The Orlando Sentinel reported that Orlando is one of the top metro areas in the U.S. for singles who relocate, according to an industry survey of 100 cities.

The survey focused on criteria most relevant to singles: cost of living, rents and availability of apartments, demographic diversity, educational costs and job growth.

But the survey by Worldwide ERC, an association of corporate and government relocation managers, real-estate companies, movers and service firms, also delved deeper into “quality of life” issues that can contribute to the “ease of transition” for a single person moving into a new community.

For example, the prevalence of restaurants, bars, health clubs, sporting events and concerts was a key measure helping Orlando take 13th place out of the nation’s 100 largest metropolitan areas.

Boston claimed the top spot, followed by Nassau/Suffolk, N.Y.; New Haven, Conn.; New York; and Edison, N.J.

San Francisco was the highest-rated California community, at No. 8, and Tampa-St. Petersburg ranked No. 11, the highest-ranked Florida city. In addition to Orlando and Tampa, three other Florida metro areas were rated among the top 50: Jacksonville at No. 22, Fort Lauderdale at No. 24 and Miami at No. 26.

Some of the other statistical measures used in the survey’s analysis were the number of singles in a community ages 25 to 34, the male-to-female ratio, the percentage of people using online-dating services and subscribing to singles’ magazines, the weather, and crime rates.

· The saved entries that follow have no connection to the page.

(* A closed m-walk returning after l steps splits into closed walks of
   lengths l and m - l at the same vertex. *)
Lemma returns_count m l : 0 < l < m ->
  \sum_(t : m.-tuple T) cycle e t * returns_at l t <=
  \sum_x walks e l x x * walks e (m - l) x x.
Proof.
move=> /andP [hl hlm].
rewrite (@sum_tuple_cat _ l (m - l) m (fun s => cycle e s * returns_at l s)); last by lia.
apply: leq_trans (_ : _ <= \sum_(u : l.-tuple T) \sum_(v : (m - l).-tuple T) \sum_x
   (path e x u && (last x u == x)) * (path e x v && (last x v == x))) _; last first.
  apply: eq_leq; rewrite pair_bigA /= exchange_big /=; apply: eq_bigr => x _.
  rewrite -(pair_bigA _ (fun (u : l.-tuple T) (v : (m - l).-tuple T) =>
     (path e x u && (last x u == x)) * (path e x v && (last x v == x)))) /=.
  by rewrite -!walks_tuple big_distrl /=; apply: eq_bigr => u _; rewrite big_distrr.
apply: leq_sum => u _; apply: leq_sum => v _.
set x := last x0 (u ++ v).
rewrite (bigD1 x) //= (leq_trans _ (leq_addr _ _)) //.
have su : size u = l by rewrite size_tuple.
have hu : 0 < size u by rewrite su.
rewrite /returns_at nth_cat su (_ : l.-1 < l); last by rewrite prednK.
rewrite (_ : nth x0 u l.-1 = last x0 u); last by rewrite -(nth_last x0) su.
case E: (last x0 u == x); last by rewrite muln0.
rewrite muln1 (cycle_path x0) -/x cat_path.
move/eqP: E => E.
rewrite (last_nonempty x x0 hu) E eqxx andbT.
have -> : last x v = x by rewrite [in RHS]/x last_cat E.
by rewrite eqxx andbT; case: (path e x u); case: (path e x v).
Qed.

Lemma sum_exchange4 (I J K L : finType) (F : I -> J -> K -> L -> nat) :
  \sum_i \sum_j \sum_k \sum_l F i j k l = \sum_k \sum_l \sum_i \sum_j F i j k l.
Proof.
rewrite (eq_bigr (fun i => \sum_k \sum_j \sum_l F i j k l)); last first.
  by move=> i _; exact: exchange_big.
rewrite exchange_big /=; apply: eq_bigr => k _.
rewrite (eq_bigr (fun i => \sum_l \sum_j F i j k l)); last first.
  by move=> i _; exact: exchange_big.
exact: exchange_big.
Qed.

Lemma repeats_colour_split K (u : K.-1.-tuple T) a (v : K.-tuple T) :
  2 <= K ->
  repeats_colour K (u ++ a :: v) = colour_in_prefix c K (c (last x0 u) a) a v.
Proof.
move=> K2; have su : size u = K.-1 by rewrite size_tuple.
have sv : size v = K by rewrite size_tuple.
rewrite /repeats_colour /colour_in_prefix; apply: eq_existsb => d.
rewrite !nth_cat su.
rewrite (_ : (K.-1 + d < K.-1) = false); last by lia.
rewrite (_ : (K + d < K.-1) = false); last by lia.
rewrite (_ : (K.-2 < K.-1) = true); last by lia.
rewrite (_ : (K.-1 < K.-1) = false); last by lia.
rewrite (_ : K.-1 + d - K.-1 = d); last by lia.
rewrite (_ : K + d - K.-1 = d.+1); last by lia.
rewrite subnn /= (_ : nth x0 u K.-2 = last x0 u); last first.
  by rewrite -(nth_last x0) su; congr nth; lia.
have hd : d < size v by rewrite sv.
have hd' : d < size (a :: v) by rewrite /= sv ltnS ltnW.
by rewrite (set_nth_default a x0 hd) (set_nth_default a x0 hd').
Qed.

Lemma repeats_colour_count K : 2 <= K ->
  \sum_(t : (K + K).-tuple T) cycle e t * repeats_colour K t <= \sum_z colour_weight e c K z.
Proof.
move=> K2.
rewrite (@sum_tuple_cat _ K.-1 K.+1 (K + K) (fun s => cycle e s * repeats_colour K s));
  last by lia.
rewrite (eq_bigr (fun u : K.-1.-tuple T => \sum_a \sum_(v : K.-tuple T)
   cycle e (u ++ a :: v) * repeats_colour K (u ++ a :: v))); last first.
  by move=> u _; rewrite (sum_tupleS K (fun w => cycle e (u ++ w) * repeats_colour K (u ++ w))).
pose H (u : K.-1.-tuple T) (v : K.-tuple T) (z a' a : T) :=
  e a' a * (path e z u && (last z u == a')) *
  [&& path e a v, last a v == z & colour_in_prefix c K (c a' a) a v].
apply: leq_trans (_ : _ <= \sum_a \sum_z \sum_a' \sum_u \sum_v H u v z a' a) _.
  rewrite exchange_big /=; apply: leq_sum => a _.
  rewrite -(sum_exchange4 (fun u v z a' => H u v z a' a)).
  apply: leq_sum => u _; apply: leq_sum => v _.
  have hu : 0 < size u by rewrite size_tuple; lia.
  set z := last a v; set a' := last x0 u.
  apply: leq_trans (_ : H u v z a' a <= _); last first.
    by rewrite (bigD1 z) //= (bigD1 a') //= -addnA leq_addr.
  rewrite /H repeats_colour_split // (cycle_path x0) last_cat /= -/z cat_path /=.
  rewrite (last_nonempty z x0 hu) -/a' !eqxx andbT.
  by case: (path e z u); case: (e a' a); case: (path e a v); case: colour_in_prefix.
rewrite exchange_big /=; apply: eq_leq; apply: eq_bigr => z _.
rewrite /colour_weight; apply: eq_bigr => a _; apply: eq_bigr => a' _.
rewrite /colour_walks -walks_tuple (big_distrr (e a' a : nat)) big_distrl /=.
by apply: eq_bigr => u _; rewrite big_distrr.
Qed.
End BadWalks.

Section Rotations.
Variables (T : finType) (C : Type) (c : T -> T -> C) (x0 : T).

Lemma nth_rot (s : seq T) r p : r <= size s -> p < size s ->
  nth x0 (rot r s) p = nth x0 s (if p + r < size s then p + r else p + r - size s).
Proof.
move=> hr hp; rewrite /rot nth_cat size_drop.
case: ltnP => h1.
  by rewrite nth_drop; case: ltnP => h2; [congr nth; lia | lia].
rewrite nth_take; last by lia.
by case: ltnP => h2; [lia | congr nth; lia].
Qed.

Lemma ordS_val m (i : 'I_m) : val (ordS i) = if i.+1 < m then i.+1 else 0.
Proof.
rewrite /=; case: ltnP => h; first by rewrite modn_small.
by rewrite (_ : i.+1 = m) ?modnn //; move: (ltn_ord i) h; lia.
Qed.

(* A repeated vertex t_i = t_j, i < j: rotate so that t_j comes last; the
   walk then returns to its start after some 0 < l < m steps. *)
Lemma repeated_vertex_rotation m (t : m.-tuple T) (i j : 'I_m) :
  i < j -> tnth t i = tnth t j ->
  exists r : 'I_m, exists l : 'I_m, (0 < l) && returns_at x0 l (rot r t).
Proof.
move=> hij; rewrite !(tnth_nth x0) => E.
have st : size t = m by rewrite size_tuple.
have hj := ltn_ord j.
case: (ltnP j.+1 m) => hjm.
  exists (Ordinal hjm).
  have hl : m - j + i < m by lia.
  exists (Ordinal hl) => /=.
  apply/andP; split; first lia.
  rewrite /returns_at -(nth_last x0) size_rot st !nth_rot ?st; try lia.
  case: ltnP => h1; first lia.
  case: ltnP => h2; first lia.
  rewrite (_ : (m - j + i).-1 + j.+1 - m = i); last by lia.
  by rewrite (_ : m.-1 + j.+1 - m = j) ?E //; lia.
have h0 : 0 < m by lia.
exists (Ordinal h0).
have hl : i.+1 < m by lia.
exists (Ordinal hl) => /=.
by rewrite /returns_at rot0 -(nth_last x0) st /= (_ : m.-1 = j) ?E //; lia.
Qed.

Variable K : nat.
Hypothesis K_ge2 : 2 <= K.
Local Notation m := (K + K).

(* A repeated colour on edges i and j at cyclic distance at most K from i to
   j: rotate so that edge i becomes the edge t_(K-2) t_(K-1). *)
Lemma repeated_colour_rotation (t : m.-tuple T) (i j : 'I_m) :
  (i < j /\ j - i <= K) \/ (j < i /\ j + m - i <= K) ->
  c (tnth t i) (tnth t (ordS i)) = c (tnth t j) (tnth t (ordS j)) ->
  exists r : 'I_m, repeats_colour c x0 K (rot r t).
Proof.
move=> hd; rewrite !(tnth_nth x0) !ordS_val => E.
have st : size t = m by rewrite size_tuple.
have hi := ltn_ord i; have hj := ltn_ord j.
set qi := (if i.+1 < m then i.+1 else 0) in E.
have Hqi : (qi = i.+1 \/ (qi = 0 /\ i.+1 = m)) /\ qi < m by rewrite /qi; case: ltnP; lia.
set qj := (if j.+1 < m then j.+1 else 0) in E.
have Hqj : (qj = j.+1 \/ (qj = 0 /\ j.+1 = m)) /\ qj < m by rewrite /qj; case: ltnP; lia.
clearbody qi qj.
have [r [hr Hr]] : exists r, r < m /\ (K.-2 + r = i \/ K.-2 + r = i + m).
  by case: (leqP K.-2 i) => h; [exists (i - K.-2) | exists (i + m - K.-2)]; lia.
exists (Ordinal hr).
have [d [hdK Hd]] : exists d, d < K /\ (i + d.+1 = j \/ i + d.+1 = j + m).
  by case: hd => -[h1 h2]; [exists (j - i).-1 | exists (j + m - i).-1]; lia.
apply/existsP; exists (Ordinal hdK); apply/same_colourP => /=.
have wrap p q : p < m + m -> (p = q \/ p = q + m) -> q < m ->
   nth x0 t (if p < m then p else p - m) = nth x0 t q.
  by move=> h1 h2 h3; case: ltnP => h4; congr nth; lia.
rewrite !nth_rot ?st; try lia.
rewrite (wrap _ j); try lia.
rewrite (wrap _ qj); try lia.
rewrite (wrap _ i); try lia.
rewrite (wrap _ qi); try lia.
by rewrite E.
Qed.
End Rotations.

Lemma not_injective (A B : Type) (f : A -> B) :
  ~ injective f -> exists x y, f x = f y /\ x <> y.
Proof.
move=> ninj; apply: NNPP => none; apply: ninj => x y fxy.
by apply: NNPP => nxy; apply: none; exists x, y.
Qed.

Lemma rotation_average (T : finType) (e : rel T) m (F : seq T -> nat) :
  \sum_(t : m.-tuple T) cycle e t * \sum_(r : 'I_m) F (rot r t) =
  m * \sum_(t : m.-tuple T) cycle e t * F t.
Proof.
under eq_bigr => t _ do rewrite big_distrr.
rewrite exchange_big /=.
transitivity (\sum_(r : 'I_m) \sum_(t : m.-tuple T) cycle e t * F t);
  last by rewrite sum_nat_const card_ord.
apply: eq_bigr => r _; apply: etrans (sum_tuple_rot m r (fun s => cycle e s * F s)).
by apply: eq_bigr => t _; rewrite rot_cycle.
Qed.

Section NonRainbowWalks.
Variables (T : finType) (e : rel T) (C : Type) (c : T -> T -> C) (x0 : T) (K : nat).
Hypothesis K_ge2 : 2 <= K.
Local Notation m := (K + K).

Definition bad_count (s : seq T) : nat :=
  \sum_(l : 'I_m | 0 < l) returns_at x0 l s + repeats_colour c x0 K s.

Primacy Relocation, a Memphis, Tenn., employee-relocation service with offices in six other states, Europe and the Far East, participated in the survey. Company President Michelle Vallejo said the rankings are helpful to human-resources professionals as well as to singles.

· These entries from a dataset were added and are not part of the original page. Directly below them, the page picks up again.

(* Brahmagupta's identity for the norm of [A + i sqrt(1 - x^2) B]. *)
Lemma weighted_sosM m n F1 F2 :
  weighted_sos m F1 -> weighted_sos n F2 -> weighted_sos (m + n) (F1 * F2).
Proof.
move=> [A1 [B1 [rA1 rB1 [sA1 sB1] [pA1 pB1] ->]]].
move=> [A2 [B2 [rA2 rB2 [sA2 sB2] [pA2 pB2] ->]]].
have rW : (1 - 'X^2 : {poly C}) \is a real_poly by rewrite rpredB ?rpred1 ?polyOverXn.
exists (A1 * A2 - (1 - 'X^2) * B1 * B2), (A1 * B2 + A2 * B1); split.
- by rewrite rpredB ?rpredM.
- by rewrite rpredD ?rpredM.
- have sWB1 := size_polyM_leq (eq_leq size_1subX2) sB1.
  have sWB12 := size_polyM_leq sWB1 sB2.
  have sA12 := size_polyM_leq sA1 sA2; have sA1B2 := size_polyM_leq sA1 sB2.
  have sA2B1 := size_polyM_leq sA2 sB1.
  split; rewrite (leq_trans (size_polyD _ _)) // ?size_polyN geq_max;
    apply/andP; split; [apply: leq_trans sA12 _ | apply: leq_trans sWB12 _
                       | apply: leq_trans sA1B2 _ | apply: leq_trans sA2B1 _]; lia.
- rewrite oddD; split.
    apply: parityD; first exact: parityM.
    by apply: parityN; move: (parityM (parityM parity_1subX2 pB1) pB2);
      case: (odd m); case: (odd n).
  by apply: parityD; move: (parityM pA1 pB2) (parityM pA2 pB1);
    case: (odd m); case: (odd n) => //= ? ?.
- by ring.
Qed.

Lemma weighted_sos1 : weighted_sos 1 1.
Proof.
exists 'X, 1; split; rewrite ?polyOverX ?rpred1 ?size_polyX ?size_poly1 //.
  by split; [apply: parityX | rewrite -polyC1; apply: parityC].
by ring.
Qed.

Lemma weighted_sos_widen m n F :
  (m <= n)%N -> weighted_sos m F -> weighted_sos n F.
Proof.
move/subnKC <-; elim: (n - m)%N => [|d IHd] hF; first by rewrite addn0.
by rewrite addnS -addn1 -[F]mulr1; apply: weighted_sosM (IHd hF) weighted_sos1.
Qed.

Lemma weighted_sosC c : 0 <= c -> weighted_sos 0 c%:P.
Proof.
move=> c_ge0; exists (sqrtC c)%:P, 0; split.
- by rewrite polyOverC sqrtC_real.
- exact: rpred0.
- by rewrite size_poly0 size_polyC_leq1.
- by split; [apply: parityC | apply: parity0].
- by rewrite expr0n mulr0 addr0 -polyC_exp sqrtCK.
Qed.

Lemma weighted_sos_affine u v : 0 <= u -> 0 <= v ->
  weighted_sos 1 (u%:P * 'X^2 + v%:P * (1 - 'X^2)).
Proof.
move=> u_ge0 v_ge0; exists ((sqrtC u)%:P * 'X), (sqrtC v)%:P; split.
- by rewrite rpredM ?polyOverX // polyOverC sqrtC_real.
- by rewrite polyOverC sqrtC_real.
- split; last exact: size_polyC_leq1.
  by rewrite (leq_trans (size_polyM_leq (size_polyC_leq1 _) (eq_leq (size_polyX _)))).
- by split; [apply: parityM (parityC _) parityX | apply: parityC].
- by rewrite exprMn -!polyC_exp !sqrtCK; ring.
Qed.

Lemma weighted_sos_X2subC r : r <= 0 -> weighted_sos 1 ('X^2 - r%:P).
Proof.
move=> r_le0; have := @weighted_sos_affine (1 - r) (- r).
rewrite subr_ge0 oppr_ge0 r_le0 (le_trans r_le0 ler01) => /(_ isT isT).
by rewrite polyCB polyCN; congr weighted_sos; ring.
Qed.

Lemma weighted_sos_CsubX2 r : 1 <= r -> weighted_sos 1 (r%:P - 'X^2).
Proof.
move=> r_ge1; have := @weighted_sos_affine (r - 1) r.
rewrite subr_ge0 r_ge1 (le_trans ler01 r_ge1) => /(_ isT isT).
by rewrite polyCB; congr weighted_sos; ring.
Qed.

Lemma weighted_sos_sqr r : r \is Num.real -> weighted_sos 2 (('X^2 - r%:P) ^+ 2).
Proof.
move=> r_real; exists ('X^2 - r%:P), 0; split.
- by rewrite polyOverXnsubC.
- exact: rpred0.
- by rewrite size_poly0 size_XnsubC.
- by split; [apply: parityD (@parityXn 2) (parityN (parityC _)) | apply: parity0].
- by rewrite expr0n mulr0 addr0.
Qed.

(* Matching coefficients in [(p x^2 - rho)^2 + (1 - x^2) (s x)^2] forces
   [p^2 - s^2 = 1] and [p^2 - 2 rho p = 1 - 2 a]; [p >= 1] makes [s] real. *)
Lemma quartic_weight_exists a rho : rho \is Num.real -> a <= rho ->
  exists2 p, 1 <= p & p ^+ 2 - 2 * rho * p = 1 - 2 * a.
Proof.
move=> rho_real le_a_rho.
set D := (rho - 1) ^+ 2 + 2 * (rho - a).
have D_ge0 : 0 <= D.
  rewrite addr_ge0 ?real_exprn_even_ge0 ?rpredB ?rpred1 //.
  by rewrite mulr_ge0 ?ler0n ?subr_ge0.
exists (rho + sqrtC D); last by rewrite sqrrD sqrtCK /D; ring.
rewrite -lerBlDl; case/orP: (real_leVge (rpred1 _) rho_real) => [le_1_rho|le_rho_1].
  by rewrite (@le_trans _ _ 0) ?subr_le0 ?sqrtC_ge0.
rewrite -[1 - rho]sqrCK ?subr_ge0 // ler_sqrtC ?nnegrE ?exprn_ge0 ?subr_ge0 //.
rewrite -subr_ge0 (_ : D - (1 - rho) ^+ 2 = 2 * (rho - a)); last by rewrite /D; ring.
by rewrite mulr_ge0 ?ler0n ?subr_ge0.
Qed.

Lemma weighted_sos_quartic a rho : rho \is Num.real -> a <= rho ->
  weighted_sos 2 ('X^4 - (2 * a)%:P * 'X^2 + (rho ^+ 2)%:P).
Proof.
move=> rho_real le_a_rho; have [p p_ge1 hp] := quartic_weight_exists rho_real le_a_rho.
have p_real : p \is Num.real := ger0_real (le_trans ler01 p_ge1).
have s2_ge0 : 0 <= p ^+ 2 - 1 by rewrite subr_ge0 exprn_ege1.
set s := sqrtC (p ^+ 2 - 1).
exists (p%:P * 'X^2 - rho%:P), (s%:P * 'X); split.
- by rewrite rpredB ?rpredM ?polyOverX ?polyOverC.
- by rewrite rpredM ?polyOverX ?polyOverC ?sqrtC_real.
- split; last by rewrite (size_polyM_leq (size_polyC_leq1 _) (eq_leq (size_polyX _))).
  rewrite (leq_trans (size_polyD _ _)) // geq_max size_polyN.
  rewrite (leq_trans (size_polyC_leq1 _)) // andbT.
  by rewrite (leq_trans (size_polyM_leq (size_polyC_leq1 _) (eq_leq (size_polyXn _ _)))).
- split; last exact: parityM (parityC _) parityX.
  exact: parityD (parityM (parityC _) (@parityXn 2)) (parityN (parityC _)).
- have -> : 2 * a = 1 - (p ^+ 2 - 2 * rho * p) by rewrite hp; ring.
  rewrite exprMn -polyC_exp sqrtCK !rmorphB !rmorphM rmorph1 rmorph_nat /=.
  by ring.
Qed.

Lemma weighted_sos_conj_pair r :
  weighted_sos 2 (('X^2 - r%:P) * ('X^2 - (r^*)%:P)).
Proof.
have := weighted_sos_quartic (normr_real r) (leif_Re_Creal r).1.
have -> : 2 * 'Re r = r + r^* by rewrite ReE mulrC divfK ?pnatr_eq0.
by rewrite normCK polyCD polyCM; congr weighted_sos; ring.
Qed.

Lemma poly_norm_bound q R : 0 <= R ->
  exists2 M, 0 <= M & forall y, `|y| <= R -> `|q.[y]| <= M.
Proof.
move=> R_ge0; elim/poly_ind: q => [|q c [M M_ge0 hM]].
  by exists 0 => // y _; rewrite horner0 normr0.
exists (M * R + `|c|) => [|y le_yR]; first by rewrite addr_ge0 ?mulr_ge0.
rewrite hornerMXaddC (le_trans (ler_normD _ _)) // lerD2r normrM.
by rewrite ler_pM ?hM.
Qed.

Lemma real_poly_ge0_right p a d :
  p \is a real_poly -> a \is Num.real -> 0 < d ->
  (forall y, a < y < a + d -> 0 <= p.[y]) -> 0 <= p.[a].
Proof.
move=> p_real a_real d_gt0 p_ge0.
have pa_real : p.[a] \is Num.real := rpred_horner p_real a_real.
rewrite real_leNgt ?rpred0 //; apply/negP => pa_lt0.
set N := - p.[a]; have N_gt0 : 0 < N by rewrite oppr_gt0.
(* [p(a + e) = p(a) + e q(a + e)] with [q] bounded near [a]: choose [e] small. *)
have /factor_theorem [q pq] : root (p - p.[a]%:P) a.
  by rewrite rootE !hornerE subrr.
have [M M_ge0 hM] := poly_norm_bound q (addr_ge0 (normr_ge0 a) (ltW d_gt0)).
have K_gt0 : 0 < M + 1 by rewrite ltr_wpDl.
set e := d * N / (d * (M + 1) + N).
have den_gt0 : 0 < d * (M + 1) + N by rewrite addr_gt0 ?mulr_gt0.
have e_gt0 : 0 < e by rewrite divr_gt0 ?mulr_gt0.
have e_lt_d : e < d.
  by rewrite ltr_pdivrMr // mulrDr ltrDr mulr_gt0 ?mulr_gt0.
have eM_lt_N : e * M < N.
  apply: le_lt_trans (_ : e * (M + 1) < N); first by rewrite ler_pM2l // lerDl.
  rewrite mulrAC ltr_pdivrMr // -subr_gt0.
  by rewrite (_ : _ - _ = N * N) ?mulr_gt0 //; ring.
clearbody e.
have pae : p.[a + e] = p.[a] + q.[a + e] * e.
  by rewrite -[p in LHS](subrK p.[a]%:P) pq !hornerE; ring.
have dq_real : q.[a + e] * e \is Num.real.
  rewrite (_ : _ * _ = p.[a + e] - p.[a]); last by rewrite pae addrAC subrr add0r.
  by rewrite rpredB // (rpred_horner p_real) // rpredD // gtr0_real.
have dq_lt_N : q.[a + e] * e < N.
  apply: le_lt_trans (real_ler_norm dq_real) (le_lt_trans _ eM_lt_N).
  rewrite normrM (gtr0_norm e_gt0) mulrC ler_pM2l // hM //.
  by rewrite (le_trans (ler_normD _ _)) // lerD2l gtr0_norm // ltW.
have := p_ge0 (a + e); rewrite ltrDl e_gt0 ltrD2l e_lt_d => /(_ isT).
by rewrite pae -lerBlDl sub0r -/N real_leNgt ?rpredN // dq_lt_N.
Qed.

Lemma real_poly_ge0_left p a d :
  p \is a real_poly -> a \is Num.real -> 0 < d ->
  (forall y, a - d < y < a -> 0 <= p.[y]) -> 0 <= p.[a].
Proof.
move=> p_real a_real d_gt0 p_ge0.
have pN_real : p \Po - 'X \is a real_poly by rewrite polyOver_comp ?rpredN ?polyOverX.
have Na_real : - a \is Num.real by rewrite rpredN.
have := real_poly_ge0_right pN_real Na_real d_gt0.
rewrite horner_comp !hornerE opprK; apply=> y /andP[lt_ay lt_yad].
by rewrite horner_comp !hornerE p_ge0 // ltrNr opprB ltrNl lt_ay addrC lt_yad.
Qed.

Definition nonneg_on01 p := forall y, 0 <= y <= 1 -> 0 <= p.[y].

Lemma nonneg_on01_punctured p r : p \is a real_poly ->
  (forall y, 0 <= y <= 1 -> y != r -> 0 <= p.[y]) -> nonneg_on01 p.
Proof.
move=> p_real p_ge0 y /andP[y_ge0 y_le1].
have [ryr|] := eqVneq y r; last by apply: p_ge0; rewrite y_ge0.
rewrite -{}ryr in p_ge0; have y_real := ger0_real y_ge0.
move: y_le1; rewrite le_eqVlt => /orP[/eqP y1|y_lt1].
  rewrite {}y1 in p_ge0 *.
  apply: real_poly_ge0_left p_real (rpred1 _) ltr01 _ => z.
  by rewrite subrr => /andP[z_gt0 z_lt1]; rewrite p_ge0 ?ltW ?z_gt0 ?z_lt1 ?lt_eqF.
apply: (@real_poly_ge0_right _ _ (1 - y)) => //; first by rewrite subr_gt0.
move=> z; rewrite addrC subrK => /andP[lt_yz lt_z1].
by rewrite p_ge0 ?gt_eqF ?ltW ?lt_z1 ?(le_lt_trans y_ge0 lt_yz).
Qed.

Lemma nonneg_on01_cancel H L r : H \is a real_poly ->
  (forall y, 0 <= y <= 1 -> y != r -> 0 < L.[y]) ->
  nonneg_on01 (H * L) -> nonneg_on01 H.
Proof.
move=> H_real L_gt0 HL_ge0; apply: (nonneg_on01_punctured (r := r) H_real) => y y01 ne_yr.
by rewrite -(pmulr_lge0 _ (L_gt0 y y01 ne_yr)) -hornerM HL_ge0.
Qed.

Lemma nonneg_on01_root_interior q r : q \is a real_poly -> 0 < r < 1 ->
  nonneg_on01 (q * ('X - r%:P)) -> q.[r] = 0.
Proof.
move=> q_real /andP[r_gt0 r_lt1] G_ge0; have r_real := gtr0_real r_gt0.
have G_sign y : 0 <= y <= 1 -> 0 <= q.[y] * (y - r).
  by move=> y01; rewrite -hornerXsubC -hornerM G_ge0.
apply/eqP; rewrite eq_le; apply/andP; split; last first.
  apply: (@real_poly_ge0_right _ _ (1 - r)) => //; first by rewrite subr_gt0.
  move=> y; rewrite addrC subrK => /andP[lt_ry lt_y1].
  rewrite -(pmulr_lge0 _ (_ : 0 < y - r)) ?subr_gt0 // G_sign //.
  by rewrite ltW ?ltW ?(lt_trans r_gt0 lt_ry).
rewrite -oppr_ge0 -hornerN; apply: (@real_poly_ge0_left _ _ r) => //.
  by rewrite rpredN.
move=> y; rewrite subrr => /andP[y_gt0 lt_yr].
rewrite hornerN -(pmulr_lge0 _ (_ : 0 < r - y)) ?subr_gt0 // mulNr -mulrN opprB.
by rewrite G_sign // ltW ?ltW ?(lt_trans lt_yr r_lt1).
Qed.

Definition has_sos_factor G := exists H L r,
  [/\ G = H * L, H \is a real_poly, (1 < size L)%N,
      weighted_sos (size L).-1 (L \Po 'X^2) &
      forall y, 0 <= y <= 1 -> y != r -> 0 < L.[y]].

Lemma comp_XsubC_X2 r : ('X - r%:P) \Po 'X^2 = 'X^2 - r%:P.
Proof. by rewrite comp_polyB comp_polyX comp_polyC. Qed.

Lemma real_poly_XsubC_factor G r : G \is a real_poly -> root G r ->
  r \is Num.real -> exists2 q, q \is a real_poly & G = q * ('X - r%:P).
Proof.
move=> G_real /factor_theorem[q Gq] r_real; exists q => //.
by apply: real_poly_divl G_real _ _ Gq; rewrite ?polyOverXsubC ?polyXsubC_eq0.
Qed.

Lemma has_sos_factor_root_le0 G r : G \is a real_poly -> root G r -> r <= 0 ->
  has_sos_factor G.
Proof.
move=> G_real Gr r_le0; have r_real := ler0_real r_le0.
have [q q_real Gq] := real_poly_XsubC_factor G_real Gr r_real.
exists q, ('X - r%:P), r; split; rewrite ?size_XsubC ?comp_XsubC_X2 //.
  exact: weighted_sos_X2subC.
move=> y /andP[y_ge0 _] ne_yr; rewrite hornerXsubC subr_gt0 lt_def ne_yr.
exact: le_trans y_ge0.
Qed.

Lemma has_sos_factor_root_ge1 G r : G \is a real_poly -> root G r -> 1 <= r ->
  has_sos_factor G.
Proof.
move=> G_real Gr r_ge1; have r_real := ger0_real (le_trans ler01 r_ge1).
have [q q_real Gq] := real_poly_XsubC_factor G_real Gr r_real.
exists (- q), (r%:P - 'X), r; split.
- by rewrite Gq mulNr -mulrN opprB.
- by rewrite rpredN.
- by rewrite -opprB size_polyN size_XsubC.
- rewrite comp_polyB comp_polyC comp_polyX -[r%:P - 'X]opprB size_polyN size_XsubC.
  exact: weighted_sos_CsubX2.
- move=> y /andP[_ y_le1] ne_yr; rewrite !hornerE subr_gt0 lt_def eq_sym ne_yr.
  exact: le_trans r_ge1.
Qed.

Relocating to a city “can be both exciting and overwhelming,” Vallejo said, and HR professionals involved in employee transfers can better predict their success rates based on the rankings. The higher the ranking, the easier it should be for a single person to assimilate into the new community, said Chris Collie, chief executive officer of Worldwide ERC, based in Washington, D.C.